• [Work task] Going line by line through the entries below, tally those that hold the string "Require". Give only the total.

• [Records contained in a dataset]
(* Let $U_2$ be a unitary matrix with real entries having a unique (up to scalars) eigenvector $|\phi_0\rangle$ of eigenvalue $1$, chosen with real entries and norm $1$; let $|\mu\rangle$ be a unit vector with real entries, $U_1=I-2|\mu\rangle\langle\mu|$, $U=U_2U_1$, $|\tilde\phi_0\rangle=|\phi_0\rangle-\langle\mu|\phi_0\rangle|\mu\rangle$, and $\varepsilon\in(0,1)$. Assume that all eigenvalues $e^{i\alpha}$ of $U$ satisfy $|\alpha|\le\pi/2$. Then for every $T\ge\mathsf{QHT}_\varepsilon(U_2,|\mu\rangle)$, the procedure $\mathbf{Rotate}(U,1/T,\varepsilon)$ maps $|\tilde\phi_0\rangle$ to a state at Euclidean distance $O(\sqrt{\varepsilon})$ from the $U$-rotation of $|\tilde\phi_0\rangle$. Moreover, the number of applications of $\text{c-}U$ is $O(\log(1/\varepsilon)\cdot T)$.
   Context: Decompose $|\tilde\phi_0\rangle=\delta_0|w_0\rangle+\sum_{1\le j\le J}\delta_j(|w_j^+\rangle+|w_j^-\rangle)+\delta_{-1}|w_{-1}\rangle$ with real coefficients, where $|w_0\rangle$ (resp. $|w_{-1}\rangle$) is a unit eigenvector of $U$ of eigenvalue $1$ (resp. $-1$) and $|w_j^\pm\rangle$ are unit eigenvectors of eigenvalues $e^{\pm i\alpha_j}$, $0<\alpha_j<\pi$, $|w_j^-\rangle=\overline{|w_j^+\rangle}$. The $U$-rotation of $|\tilde\phi_0\rangle$ is $\delta_0|w_0\rangle+\sum_j\delta_j(|w_j^+\rangle-|w_j^-\rangle)+\delta_{-1}|w_{-1}\rangle$. $\mathit{QH}$ takes value $1/\alpha_j$ with probability $2\delta_j^2$, $1/\pi$ with probability $\delta_{-1}^2$, and $0$ otherwise; $\mathsf{QHT}_\varepsilon(U_2,|\mu\rangle)=\min\{y:\Pr[\mathit{QH}>y]\le\varepsilon\}$. $\mathbf{Estimate}$ is the standard phase estimation circuit for $U$ with precision $\Delta$ (on an eigenvector with eigenphase $\alpha\in(-\pi,\pi]$ it outputs $\alpha$ within $\Delta$ with error probability at most $1/3$, outputs $0$ with certainty on $1$-eigenvectors, and uses $O(1/\Delta)$ calls to $\text{c-}U$ and its inverse). $\mathbf{Rotate}(U,\Delta,\varepsilon)$ on input $|\psi\rangle$: (1) apply $\Theta(\log(1/\varepsilon))$ times $\mathbf{Estimate}$ for $U$ with precision $\Delta$ to the same state $|\psi\rangle$ (fresh registers each time); (2) if the majority of estimated phases are negative, multiply the state by $-1$ (phase flip), otherwise do nothing; (3) undo the phase estimations of step (1). *)

From HB Require Import structures.
From mathcomp Require Import all_boot all_order all_algebra.
From mathcomp Require Import all_classical all_reals all_analysis.
From mathcomp Require Import complex.
Set Implicit Arguments. Unset Strict Implicit. Unset Printing Implicit Defensive.
Import Order.TTheory GRing.Theory Num.Theory.
Local Open Scope ring_scope.

Section QRotate.
Variable R : realType.
Local Notation C := (R[i]).

Definition rc (x : R) : C := Complex x 0.
Definition cmx m n (A : 'M[R]_(m, n)) : 'M[C]_(m, n) := map_mx rc A.

Definition adjmx m n (A : 'M[C]_(m, n)) : 'M[C]_(n, m) := (map_mx (@conjc R) A)^T.

Definition sqmod (z : C) : R := complex.Re z ^+ 2 + complex.Im z ^+ 2.
Definition vnorm2 n (v : 'cV[C]_n) : R := \sum_(i < n) sqmod (v i 0).

Definition expi (a : R) : C := Complex (cos a) (sin a).

Definition householder n (mu : 'cV[R]_n) : 'M[R]_n := 1%:M - 2 *: (mu *m mu^T).

Definition phi_tilde n (phi0 mu : 'cV[R]_n) : 'cV[R]_n :=
  phi0 - (mu^T *m phi0) 0 0 *: mu.

Definition spectral_decomp n (U V : 'M[C]_n) (theta : 'I_n -> R) : Prop :=
  [/\ adjmx V *m V = 1%:M,
      (forall k, - pi < theta k <= pi) &
      U = V *m diag_mx (\row_k expi (theta k)) *m adjmx V].

Definition coords n (V : 'M[C]_n) (v : 'cV[C]_n) : 'cV[C]_n := adjmx V *m v.

(* Pr[QH > y]: QH takes value 1/|theta_k| (i.e. 1/alpha_j for the phases
   +-alpha_j, 1/pi for the phase pi) with the weight of v on the corresponding
   eigenvector, and 0 otherwise (total mass 1). *)
Definition QH_tail n (V : 'M[C]_n) (theta : 'I_n -> R) (v : 'cV[C]_n) (y : R) : R :=
  if y < 0 then 1
  else \sum_(k < n | (theta k != 0) && (y < `|theta k|^-1)) sqmod (coords V v k 0).

(* QHT_eps = min { y | Pr[QH > y] <= eps } (the set is an up-closed ray with
   attained minimum, so its infimum is that minimum) *)
Definition QHT n (V : 'M[C]_n) (theta : 'I_n -> R) (v : 'cV[C]_n) (eps : R) : R :=
  inf [set y : R | QH_tail V theta v y <= eps].

Definition U_rotation n (V : 'M[C]_n) (theta : 'I_n -> R) (v : 'cV[C]_n) : 'cV[C]_n :=
  V *m diag_mx (\row_k (if theta k < 0 then -1 else 1)) *m coords V v.

(* Phase estimation, outcome-m branch: the standard circuit maps
   |w>|0> to |w> (sum_m amp(alpha, m) |m>) for every eigenvector w of U of
   eigenphase alpha, i.e. its outcome-m branch operator is the function of U
   V diag(amp(theta_k, m)) V^*. *)
Definition est_op n (V : 'M[C]_n) (theta : 'I_n -> R) (O : finType)
  (amp : R -> O -> C) (m : O) : 'M[C]_n :=
  V *m diag_mx (\row_k amp (theta k) m) *m adjmx V.

(* state after k phase estimations on fresh registers, component on the
   outcome tuple t (the joint state lives in C^n (x) C^(O^k)) *)
Definition est_state n (V : 'M[C]_n) (theta : 'I_n -> R) (O : finType)
  (amp : R -> O -> C) k (v : 'cV[C]_n) (t : k.-tuple O) : 'cV[C]_n :=
  foldl (fun w m => est_op V theta amp m *m w) v t.

Definition majority_neg (O : finType) (est : O -> R) k (t : k.-tuple O) : bool :=
  (k < 2 * count (fun m => (est m < 0)%R) t)%N.

(* Euclidean distance between the output of Rotate on v (with all k+k
   ancilla registers) and target (x) |0...0>.  Rotate = W^-1 S W where W is the
   (unitary) k-fold phase estimation and S the majority phase flip; by
   unitarity of W^-1, || W^-1 S W (v(x)0) - target(x)0 || = || S W(v(x)0) - W(target(x)0) ||,
   and W(x (x) 0) = sum_t est_state x t (x) |t>. *)
Definition rotate_error n (V : 'M[C]_n) (theta : 'I_n -> R) (O : finType)
  (est : O -> R) (amp : R -> O -> C) k (v target : 'cV[C]_n) : R :=
  Num.sqrt (\sum_(t : k.-tuple O)
     vnorm2 ((if majority_neg est t then -1 else 1) *: est_state V theta amp v t
             - est_state V theta amp target t)).

(* number of applications of c-U (or its inverse) by Rotate: k estimations
   and k undone estimations, each using [calls] applications *)
Definition rotate_calls (k calls : nat) : nat := (2 * k * calls)%N.

End QRotate.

• [Answer below] 4